Sur la plaine d’Eylau se tiennent de milliers De puissants hommes d’arme et de fiers cavaliers, Des Prussiens belliqueux, des Russes, des hussards, Des peuples par dizaine unis sous l’étendard.
L’aigle de l’Empire et ses hommes courageux, Dont les exploits déjà parcoururent, glorieux, Les sentiers de l’Europe et du monde connu, Font face à ces guerriers, sur la plaine ténue.
Déjà sonnent les cors, s’engage la bataille, Tonne la canonnade et bruine la mitraille. Sous le fer indistinct, tombent les valeureux, Leur vie s’achève ici, loin du sol des aïeux,
Leur sang s’écoule ici, et se mêle à la terre. Les cris des combattant s’élèvent dans les airs, Mélangés constamment aux lourds sons des canons, Aux clameurs infinies des nombreux bataillons.
Les forces d’Augereau bientôt sont décimées. Le maréchal blessé par ce feu animé, Tourne bride, apeuré, s’en va au campement ; Il est seul de son corps, il est seul survivant.
L’Empire est menacée par la brèche formé Parmi les rangs français, cette imposante armée ; Le pouvoir bâti par le corse téméraire Ne prétend résister à l’échec militaire.
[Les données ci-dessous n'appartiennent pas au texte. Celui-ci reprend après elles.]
(* Let $R$ be an associative ring with anti-involution $a\mapsto\bar a$. Define $\tilde N:=\tilde N_e^{C_2}i_e^*(\underline R^{\mathrm{fix}})$ by $\tilde N(C_2/e)=R\otimes R^{\mathrm{op}}$ with Weyl action $a\otimes b\mapsto\bar b\otimes\bar a$, and $\tilde N(C_2/C_2)=(\mathbb Z\{R\}\oplus(R\otimes R^{\mathrm{op}})/C_2)/\mathrm{TR}$, where TR identifies $\{a+b\}\sim\{a\}+\{b\}+[a\otimes\bar b]$. With restriction $\mathrm{res}\{a\}=a\otimes\bar a$, $\mathrm{res}[a\otimes b]=a\otimes b+\bar b\otimes\bar a$, transfer $\mathrm{tr}(a\otimes b)=[a\otimes b]$, the usual ring structure on $R\otimes R^{\mathrm{op}}$ at $C_2/e$, and multiplication at $C_2/C_2$ given by \[\{a\}\{b\}=\{ab\},\quad\{a\}[b\otimes c]=[ab\otimes c\bar a],\quad[a\otimes b]\{c\}=[ac\otimes\bar cb],\quad[a\otimes b][c\otimes d]=[ac\otimes db]+[a\bar d\otimes\bar cb],\] and unit sending $1\in\underline A(C_2/C_2)=\mathbb Z[t]/(t^2-2t)$ to $\{1\}$, $t$ to $[1\otimes1]$, and $1\in\underline A(C_2/e)=\mathbb Z$ to $1\otimes1$, $\tilde N$ is a well-defined $C_2$-Mackey functor and an associative $C_2$-Green functor.
   Context: $C_2=\{e,\tau\}$. A $C_2$-Mackey functor consists of abelian groups at $C_2/C_2$ and $C_2/e$, an involution (Weyl action) on the $C_2/e$-level, restriction $\mathrm{res}$ into the invariants and transfer $\mathrm{tr}$ with $\mathrm{tr}(\tau x)=\mathrm{tr}(x)$ and $\mathrm{res}\,\mathrm{tr}(x)=x+\tau x$. An associative $C_2$-Green functor is a monoid for the box product, i.e. associative unital rings at both levels such that $\mathrm{res}$ is a ring map, the Weyl action is by ring maps, and Frobenius reciprocity $\mathrm{tr}(x)y=\mathrm{tr}(x\,\mathrm{res}(y))$, $y\,\mathrm{tr}(x)=\mathrm{tr}(\mathrm{res}(y)x)$ holds. $\underline A$ is the $C_2$-Burnside Mackey functor, the unit for the box product. An anti-involution satisfies $\bar{\bar a}=a$, $\overline{ab}=\bar b\bar a$, $\overline{a+b}=\bar a+\bar b$. $\mathbb Z\{R\}$ is the free abelian group on symbols $\{a\}$, $a\in R$, and $[a\otimes b]$ denotes the class of $a\otimes b$ in the $C_2$-coinvariants of $R\otimes R^{\mathrm{op}}$. *)

From HB Require Import structures.
From mathcomp Require Import all_boot all_algebra.
From mathcomp.multinomials Require Import freeg.
Set Implicit Arguments. Unset Strict Implicit. Unset Printing Implicit Defensive.
Import GRing.Theory.
Local Open Scope ring_scope.
(* Let $X$ be a real Banach space with a normalized Schauder basis $\mathcal B=(e_n)_{n=1}^\infty$ with biorthogonal functionals $(e_n^* )$ which is unconditional or boundedly complete, and let $\mathcal E=(\varepsilon_n)_{n=1}^\infty$ be a sequence of nonnegative numbers. If the brick $K_{\mathcal B,\mathcal E}$ has finite extreme radius, then $K_{\mathcal B,\mathcal E}$ is compact.
   Context: The brick is $K_{\mathcal B,\mathcal E}=\{x\in X:\ |e_n^*(x)|\le\varepsilon_n \text{ for all } n\}$. A point $x_0\in A$ is an extreme point of $A$ if for every nonzero $x\in X$ there is $\lambda\in[-1,1]$ with $x_0+\lambda x\notin A$. The extreme radius of $K$ is the supremum of $\|x_0\|$ over extreme points $x_0$ of $K$ if an extreme point exists, and $\infty$ otherwise. A basis is unconditional if $\sum_ne_n^*(x)e_n$ converges unconditionally for every $x$; it is boundedly complete if $\sup_n\|\sum_{k=1}^na_ke_k\|<\infty$ implies convergence of $\sum_na_ne_n$. *)

From HB Require Import structures.
From mathcomp Require Import all_boot all_order all_algebra.
From mathcomp Require Import all_classical all_reals all_analysis.
Set Implicit Arguments. Unset Strict Implicit. Unset Printing Implicit Defensive.
Import Order.TTheory GRing.Theory Num.Theory numFieldNormedType.Exports.
Local Open Scope classical_set_scope.
Local Open Scope ring_scope.

Section Bricks.
Variables (R : realType) (X : normedModType R).

Definition schauder_basis (e : nat -> X) (estar : nat -> X -> R) : Prop :=
  (forall x, series (fun n => estar n x *: e n) @ \oo --> x) /\
  (forall x (a : nat -> R), series (fun n => a n *: e n) @ \oo --> x ->
     forall n, a n = estar n x).

Definition normalized (e : nat -> X) : Prop := forall n, `|e n| = 1.

Definition unconditional (e : nat -> X) (estar : nat -> X -> R) : Prop :=
  forall x (s : nat -> nat), bijective s ->
    cvg (series (fun n => estar (s n) x *: e (s n)) @ \oo).

Definition boundedly_complete (e : nat -> X) : Prop :=
  forall a : nat -> R,
    (exists M : R, forall n, `|series (fun k => a k *: e k) n| <= M) ->
    cvg (series (fun k => a k *: e k) @ \oo).

Definition brick (estar : nat -> X -> R) (eps : nat -> R) : set X :=
  [set x | forall n, `|estar n x| <= eps n].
Ainsi, vaincre il lui faut, au péril de tomber, Si ce n’est sous le feu des Prussiens déchainés, Sous le courroux violent du peuple jacobin Et les assauts lettrés des vieux républicains.
La Garde mise en branle à la charge s’en va. Nul coup ne sonnera sous les cieux ici-bas. Pour seule arme la lame attachée au fusil, Le sang sera versé sur la terre amollie.
Bravant le maréchal, prince des cavaliers, L’empereur dit tout haut à la vaste assemblée : « Nous laisseras-tu dévorer par ces gens-là ? ». L’intrépide Murat au combat s’en alla.
Rassemblant ses soldats, douze mille d’entre eux, Le roi napolitain, exhortant tout ces preux, Se lança à l’assaut. Bientôt, fut-il suivi, Par l’ondée chevauchant, par ces flots infinis.
Ne peuvent scintiller sous l'horizon blafard, La cuirasse argentée de chacun des hussards, Les sabres dégainés, ces instruments de mort, Ces objets de veuvage et décideurs de sort.
Ils avancèrent là , tels un dragon mouvant, Et rien ne pouvait là , étouffer ce serpent. Et la terre trembla sous les sabots ferrés De ce bois de chevaux aux membres libérés.
Et cette nuée semblait arrachée aux enfers, Son aspect rappelait les démons délétères, Et leurs chemises bleu et leurs pantalons blancs Bientôt seront souillés et maculés de sang.
Ils subirent le feu, traversèrent la ligne, Sabrant de tout côté, de leur renommé digne. Les hommes piétinés ne purent résister Contre cet océan, contre cette marée.
Jamais ne vit-on plus cavalcade aussi belle, Où venaient les chevaux tels des flots torrentiels.